Which lines below include the string "same"? Please show each one.

Given records START

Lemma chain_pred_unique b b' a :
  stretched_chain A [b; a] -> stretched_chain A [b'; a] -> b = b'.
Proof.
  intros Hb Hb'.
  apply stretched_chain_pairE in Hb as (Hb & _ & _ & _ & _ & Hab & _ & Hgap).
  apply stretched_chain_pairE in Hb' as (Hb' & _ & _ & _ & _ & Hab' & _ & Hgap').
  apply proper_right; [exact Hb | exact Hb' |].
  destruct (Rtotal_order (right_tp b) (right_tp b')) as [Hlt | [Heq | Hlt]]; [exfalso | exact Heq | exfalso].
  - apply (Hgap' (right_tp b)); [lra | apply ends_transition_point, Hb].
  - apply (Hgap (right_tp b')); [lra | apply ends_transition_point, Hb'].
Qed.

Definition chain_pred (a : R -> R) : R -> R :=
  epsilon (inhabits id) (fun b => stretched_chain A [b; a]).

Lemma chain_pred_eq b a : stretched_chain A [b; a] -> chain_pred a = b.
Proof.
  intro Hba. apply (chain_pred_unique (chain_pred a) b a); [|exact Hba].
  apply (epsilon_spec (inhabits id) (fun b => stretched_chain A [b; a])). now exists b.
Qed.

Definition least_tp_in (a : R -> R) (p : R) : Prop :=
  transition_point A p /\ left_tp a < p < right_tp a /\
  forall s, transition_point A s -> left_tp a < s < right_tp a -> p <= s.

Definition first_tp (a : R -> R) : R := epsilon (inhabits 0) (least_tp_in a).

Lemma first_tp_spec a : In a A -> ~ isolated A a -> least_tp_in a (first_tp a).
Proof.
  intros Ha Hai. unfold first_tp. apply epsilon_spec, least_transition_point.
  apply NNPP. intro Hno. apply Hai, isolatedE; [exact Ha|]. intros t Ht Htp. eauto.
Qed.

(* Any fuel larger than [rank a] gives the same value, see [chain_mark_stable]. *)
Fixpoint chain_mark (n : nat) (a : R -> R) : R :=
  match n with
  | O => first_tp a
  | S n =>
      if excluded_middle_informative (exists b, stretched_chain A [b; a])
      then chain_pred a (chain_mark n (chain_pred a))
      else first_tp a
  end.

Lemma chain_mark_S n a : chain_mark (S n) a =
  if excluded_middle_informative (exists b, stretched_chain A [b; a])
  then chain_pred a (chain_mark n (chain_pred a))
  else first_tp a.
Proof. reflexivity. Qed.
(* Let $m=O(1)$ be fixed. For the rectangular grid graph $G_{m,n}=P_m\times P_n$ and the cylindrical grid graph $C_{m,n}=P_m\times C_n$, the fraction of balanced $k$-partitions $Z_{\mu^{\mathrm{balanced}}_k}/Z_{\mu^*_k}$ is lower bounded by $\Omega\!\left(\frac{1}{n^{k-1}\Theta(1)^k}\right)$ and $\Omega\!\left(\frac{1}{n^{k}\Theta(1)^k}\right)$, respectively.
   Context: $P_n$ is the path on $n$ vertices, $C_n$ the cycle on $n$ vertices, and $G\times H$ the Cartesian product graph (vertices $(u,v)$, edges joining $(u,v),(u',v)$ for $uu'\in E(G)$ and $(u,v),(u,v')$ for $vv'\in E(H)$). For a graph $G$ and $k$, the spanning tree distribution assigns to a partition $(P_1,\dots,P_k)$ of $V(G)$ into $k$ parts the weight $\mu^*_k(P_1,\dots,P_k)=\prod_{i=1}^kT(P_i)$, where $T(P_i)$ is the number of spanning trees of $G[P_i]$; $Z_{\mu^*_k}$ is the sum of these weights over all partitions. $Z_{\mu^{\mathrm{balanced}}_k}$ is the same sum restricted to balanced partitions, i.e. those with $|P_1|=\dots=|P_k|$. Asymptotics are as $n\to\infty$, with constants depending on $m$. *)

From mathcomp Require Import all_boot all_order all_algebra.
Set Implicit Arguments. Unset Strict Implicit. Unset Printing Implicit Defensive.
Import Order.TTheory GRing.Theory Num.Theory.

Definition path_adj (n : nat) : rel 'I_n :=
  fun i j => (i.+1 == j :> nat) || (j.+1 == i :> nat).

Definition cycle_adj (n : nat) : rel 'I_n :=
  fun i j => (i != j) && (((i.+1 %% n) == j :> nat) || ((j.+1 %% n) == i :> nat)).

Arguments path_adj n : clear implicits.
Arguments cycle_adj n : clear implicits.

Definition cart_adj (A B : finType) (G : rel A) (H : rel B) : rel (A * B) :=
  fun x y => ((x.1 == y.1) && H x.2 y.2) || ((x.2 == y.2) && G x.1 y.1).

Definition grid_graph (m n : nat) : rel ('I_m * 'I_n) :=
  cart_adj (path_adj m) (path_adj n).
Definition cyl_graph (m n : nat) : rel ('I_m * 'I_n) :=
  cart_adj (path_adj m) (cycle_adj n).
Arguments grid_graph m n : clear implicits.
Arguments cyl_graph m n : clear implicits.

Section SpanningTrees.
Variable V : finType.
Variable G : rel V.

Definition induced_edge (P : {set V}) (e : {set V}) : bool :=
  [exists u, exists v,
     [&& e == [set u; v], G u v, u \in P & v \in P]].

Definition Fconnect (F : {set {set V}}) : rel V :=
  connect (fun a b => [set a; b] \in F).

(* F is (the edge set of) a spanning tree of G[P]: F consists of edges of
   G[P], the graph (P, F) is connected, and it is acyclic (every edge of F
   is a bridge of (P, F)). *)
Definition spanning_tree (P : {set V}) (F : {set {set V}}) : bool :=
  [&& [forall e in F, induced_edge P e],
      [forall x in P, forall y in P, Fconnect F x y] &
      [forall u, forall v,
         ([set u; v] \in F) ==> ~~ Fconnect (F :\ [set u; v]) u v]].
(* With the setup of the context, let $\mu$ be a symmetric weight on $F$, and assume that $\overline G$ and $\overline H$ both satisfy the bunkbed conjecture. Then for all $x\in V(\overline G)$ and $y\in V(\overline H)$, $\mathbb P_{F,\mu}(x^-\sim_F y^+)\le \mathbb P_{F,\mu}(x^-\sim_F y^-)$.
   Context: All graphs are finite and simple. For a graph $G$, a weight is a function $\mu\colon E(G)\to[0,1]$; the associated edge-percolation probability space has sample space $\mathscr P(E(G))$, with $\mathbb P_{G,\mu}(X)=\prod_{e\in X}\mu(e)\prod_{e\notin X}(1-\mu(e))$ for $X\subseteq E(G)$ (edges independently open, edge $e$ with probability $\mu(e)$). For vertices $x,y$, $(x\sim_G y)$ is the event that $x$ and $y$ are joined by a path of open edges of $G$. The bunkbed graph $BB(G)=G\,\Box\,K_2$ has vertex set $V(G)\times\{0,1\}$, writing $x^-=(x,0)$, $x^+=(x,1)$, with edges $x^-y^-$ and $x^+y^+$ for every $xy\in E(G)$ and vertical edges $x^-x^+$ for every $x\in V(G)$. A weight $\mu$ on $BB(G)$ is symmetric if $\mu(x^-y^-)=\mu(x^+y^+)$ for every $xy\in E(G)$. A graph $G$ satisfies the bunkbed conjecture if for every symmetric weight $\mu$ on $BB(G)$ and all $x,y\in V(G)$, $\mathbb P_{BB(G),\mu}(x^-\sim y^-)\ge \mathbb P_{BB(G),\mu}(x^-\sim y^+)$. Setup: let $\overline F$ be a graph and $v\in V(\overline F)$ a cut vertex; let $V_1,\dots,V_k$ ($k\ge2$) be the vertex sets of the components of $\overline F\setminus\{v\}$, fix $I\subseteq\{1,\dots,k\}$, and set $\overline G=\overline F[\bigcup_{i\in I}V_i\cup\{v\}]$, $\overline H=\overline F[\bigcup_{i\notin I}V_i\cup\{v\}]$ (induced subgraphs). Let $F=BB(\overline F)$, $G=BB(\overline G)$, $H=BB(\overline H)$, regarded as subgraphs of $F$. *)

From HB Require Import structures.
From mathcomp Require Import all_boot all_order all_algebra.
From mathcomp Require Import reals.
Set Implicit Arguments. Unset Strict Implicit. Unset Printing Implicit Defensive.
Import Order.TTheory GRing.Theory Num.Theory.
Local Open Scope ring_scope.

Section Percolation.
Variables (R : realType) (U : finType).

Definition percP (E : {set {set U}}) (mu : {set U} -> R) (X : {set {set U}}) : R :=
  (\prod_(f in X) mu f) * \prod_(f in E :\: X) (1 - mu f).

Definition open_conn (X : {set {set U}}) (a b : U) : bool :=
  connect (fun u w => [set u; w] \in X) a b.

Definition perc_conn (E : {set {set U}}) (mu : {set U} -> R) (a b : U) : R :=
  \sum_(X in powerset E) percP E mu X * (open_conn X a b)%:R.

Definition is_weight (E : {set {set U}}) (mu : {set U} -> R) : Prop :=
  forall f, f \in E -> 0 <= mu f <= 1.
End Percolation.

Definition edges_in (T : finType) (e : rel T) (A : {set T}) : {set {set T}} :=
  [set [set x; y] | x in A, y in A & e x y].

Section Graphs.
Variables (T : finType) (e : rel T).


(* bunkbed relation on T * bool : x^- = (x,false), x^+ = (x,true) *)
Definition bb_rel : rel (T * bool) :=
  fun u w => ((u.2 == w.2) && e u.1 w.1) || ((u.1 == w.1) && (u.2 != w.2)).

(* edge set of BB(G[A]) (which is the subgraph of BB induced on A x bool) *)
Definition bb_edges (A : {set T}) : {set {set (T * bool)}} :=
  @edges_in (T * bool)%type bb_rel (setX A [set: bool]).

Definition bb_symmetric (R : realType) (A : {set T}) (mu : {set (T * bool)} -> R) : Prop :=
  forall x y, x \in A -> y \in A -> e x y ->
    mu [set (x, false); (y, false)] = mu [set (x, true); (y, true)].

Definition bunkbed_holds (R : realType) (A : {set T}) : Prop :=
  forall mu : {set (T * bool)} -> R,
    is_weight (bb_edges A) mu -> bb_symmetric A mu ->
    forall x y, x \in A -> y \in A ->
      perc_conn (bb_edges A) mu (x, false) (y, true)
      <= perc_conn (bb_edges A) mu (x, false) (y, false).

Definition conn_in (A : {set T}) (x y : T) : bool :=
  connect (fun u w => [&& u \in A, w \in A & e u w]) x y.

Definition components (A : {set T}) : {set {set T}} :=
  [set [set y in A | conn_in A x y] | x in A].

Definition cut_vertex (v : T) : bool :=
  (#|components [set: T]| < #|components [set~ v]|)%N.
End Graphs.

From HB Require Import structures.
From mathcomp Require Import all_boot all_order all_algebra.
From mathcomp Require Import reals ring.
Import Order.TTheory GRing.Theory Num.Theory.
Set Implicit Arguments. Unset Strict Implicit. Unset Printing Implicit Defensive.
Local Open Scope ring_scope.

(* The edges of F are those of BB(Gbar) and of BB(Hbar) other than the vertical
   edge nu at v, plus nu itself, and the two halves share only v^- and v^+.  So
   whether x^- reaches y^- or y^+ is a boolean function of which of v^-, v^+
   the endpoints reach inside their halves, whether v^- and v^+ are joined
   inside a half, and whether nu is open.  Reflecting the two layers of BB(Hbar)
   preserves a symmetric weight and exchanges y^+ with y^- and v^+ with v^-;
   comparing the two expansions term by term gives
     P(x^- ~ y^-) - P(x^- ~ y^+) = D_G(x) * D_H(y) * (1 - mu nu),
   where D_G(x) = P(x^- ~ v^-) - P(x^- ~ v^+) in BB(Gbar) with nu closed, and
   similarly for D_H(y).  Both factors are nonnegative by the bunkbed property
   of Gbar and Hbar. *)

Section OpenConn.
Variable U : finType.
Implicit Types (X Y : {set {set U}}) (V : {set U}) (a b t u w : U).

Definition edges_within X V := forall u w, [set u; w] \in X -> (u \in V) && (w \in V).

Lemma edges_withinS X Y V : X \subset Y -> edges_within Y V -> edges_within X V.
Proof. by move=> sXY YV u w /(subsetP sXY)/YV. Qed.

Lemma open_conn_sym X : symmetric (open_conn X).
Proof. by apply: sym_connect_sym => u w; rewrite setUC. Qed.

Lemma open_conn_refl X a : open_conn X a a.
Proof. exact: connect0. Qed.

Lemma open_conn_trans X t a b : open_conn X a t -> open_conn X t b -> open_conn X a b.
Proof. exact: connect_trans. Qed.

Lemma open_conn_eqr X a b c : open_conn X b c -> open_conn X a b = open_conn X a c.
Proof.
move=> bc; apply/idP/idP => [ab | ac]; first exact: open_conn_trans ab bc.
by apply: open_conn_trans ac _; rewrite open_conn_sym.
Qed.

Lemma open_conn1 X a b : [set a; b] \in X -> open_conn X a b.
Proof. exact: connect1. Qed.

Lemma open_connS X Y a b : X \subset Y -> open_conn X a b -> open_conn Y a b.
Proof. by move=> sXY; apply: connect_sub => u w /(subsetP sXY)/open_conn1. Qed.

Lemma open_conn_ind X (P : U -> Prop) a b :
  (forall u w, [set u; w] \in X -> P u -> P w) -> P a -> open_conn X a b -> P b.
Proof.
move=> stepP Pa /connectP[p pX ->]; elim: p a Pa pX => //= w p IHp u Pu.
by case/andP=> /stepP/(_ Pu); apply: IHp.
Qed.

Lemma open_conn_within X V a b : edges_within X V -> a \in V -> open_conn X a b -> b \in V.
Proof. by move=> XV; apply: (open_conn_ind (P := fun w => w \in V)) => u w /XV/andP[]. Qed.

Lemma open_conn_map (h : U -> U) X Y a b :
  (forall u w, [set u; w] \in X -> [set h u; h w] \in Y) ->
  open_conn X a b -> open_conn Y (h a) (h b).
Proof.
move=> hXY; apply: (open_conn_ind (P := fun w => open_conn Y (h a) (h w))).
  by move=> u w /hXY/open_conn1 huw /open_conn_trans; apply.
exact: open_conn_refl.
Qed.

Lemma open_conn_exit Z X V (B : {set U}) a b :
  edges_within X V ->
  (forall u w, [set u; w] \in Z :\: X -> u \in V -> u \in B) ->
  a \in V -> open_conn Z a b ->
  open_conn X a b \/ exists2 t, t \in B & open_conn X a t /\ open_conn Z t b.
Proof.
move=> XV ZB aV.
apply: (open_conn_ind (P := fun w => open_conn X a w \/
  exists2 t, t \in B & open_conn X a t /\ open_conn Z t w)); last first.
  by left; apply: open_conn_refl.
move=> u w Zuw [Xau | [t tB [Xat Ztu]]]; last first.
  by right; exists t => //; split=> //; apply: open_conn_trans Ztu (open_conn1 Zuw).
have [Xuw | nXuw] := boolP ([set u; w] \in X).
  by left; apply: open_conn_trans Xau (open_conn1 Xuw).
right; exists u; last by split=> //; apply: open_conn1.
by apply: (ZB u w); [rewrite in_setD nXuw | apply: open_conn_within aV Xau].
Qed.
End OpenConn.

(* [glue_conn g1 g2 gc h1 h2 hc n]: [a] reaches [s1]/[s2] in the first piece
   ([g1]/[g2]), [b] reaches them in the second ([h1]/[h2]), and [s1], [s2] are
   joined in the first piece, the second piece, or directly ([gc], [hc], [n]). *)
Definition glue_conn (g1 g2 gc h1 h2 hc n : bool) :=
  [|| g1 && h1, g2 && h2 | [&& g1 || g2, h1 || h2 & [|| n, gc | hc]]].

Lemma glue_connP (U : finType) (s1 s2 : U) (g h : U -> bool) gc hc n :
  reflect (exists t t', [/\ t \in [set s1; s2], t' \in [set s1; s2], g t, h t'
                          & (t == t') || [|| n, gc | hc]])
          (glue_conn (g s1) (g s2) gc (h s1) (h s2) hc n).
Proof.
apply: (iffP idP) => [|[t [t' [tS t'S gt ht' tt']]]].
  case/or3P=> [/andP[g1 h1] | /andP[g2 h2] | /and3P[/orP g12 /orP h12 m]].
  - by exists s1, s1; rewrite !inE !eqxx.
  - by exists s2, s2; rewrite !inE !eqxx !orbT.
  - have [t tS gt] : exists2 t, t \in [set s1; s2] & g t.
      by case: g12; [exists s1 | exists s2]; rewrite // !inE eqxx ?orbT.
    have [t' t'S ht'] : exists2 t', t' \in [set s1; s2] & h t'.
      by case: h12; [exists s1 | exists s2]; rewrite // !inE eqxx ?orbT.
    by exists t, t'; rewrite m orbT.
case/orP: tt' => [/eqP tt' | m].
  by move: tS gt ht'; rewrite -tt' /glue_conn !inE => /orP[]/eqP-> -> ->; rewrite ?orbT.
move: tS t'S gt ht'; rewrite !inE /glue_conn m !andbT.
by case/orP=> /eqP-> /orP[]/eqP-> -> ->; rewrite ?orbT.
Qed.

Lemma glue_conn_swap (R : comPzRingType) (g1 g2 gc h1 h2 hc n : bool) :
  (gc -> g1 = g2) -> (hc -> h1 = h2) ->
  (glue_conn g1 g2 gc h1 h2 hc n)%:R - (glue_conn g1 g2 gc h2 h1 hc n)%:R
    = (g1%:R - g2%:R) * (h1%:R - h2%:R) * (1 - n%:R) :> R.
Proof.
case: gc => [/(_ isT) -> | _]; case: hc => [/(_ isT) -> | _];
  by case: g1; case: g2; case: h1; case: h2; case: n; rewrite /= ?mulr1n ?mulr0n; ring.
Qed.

Given records END

→ Exercise result
(* Any fuel larger than [rank a] gives the same value, see [chain_mark_stable]. *)
   Context: $P_n$ is the path on $n$ vertices, $C_n$ the cycle on $n$ vertices, and $G\times H$ the Cartesian product graph (vertices $(u,v)$, edges joining $(u,v),(u',v)$ for $uu'\in E(G)$ and $(u,v),(u,v')$ for $vv'\in E(H)$). For a graph $G$ and $k$, the spanning tree distribution assigns to a partition $(P_1,\dots,P_k)$ of $V(G)$ into $k$ parts the weight $\mu^*_k(P_1,\dots,P_k)=\prod_{i=1}^kT(P_i)$, where $T(P_i)$ is the number of spanning trees of $G[P_i]$; $Z_{\mu^*_k}$ is the sum of these weights over all partitions. $Z_{\mu^{\mathrm{balanced}}_k}$ is the same sum restricted to balanced partitions, i.e. those with $|P_1|=\dots=|P_k|$. Asymptotics are as $n\to\infty$, with constants depending on $m$. *)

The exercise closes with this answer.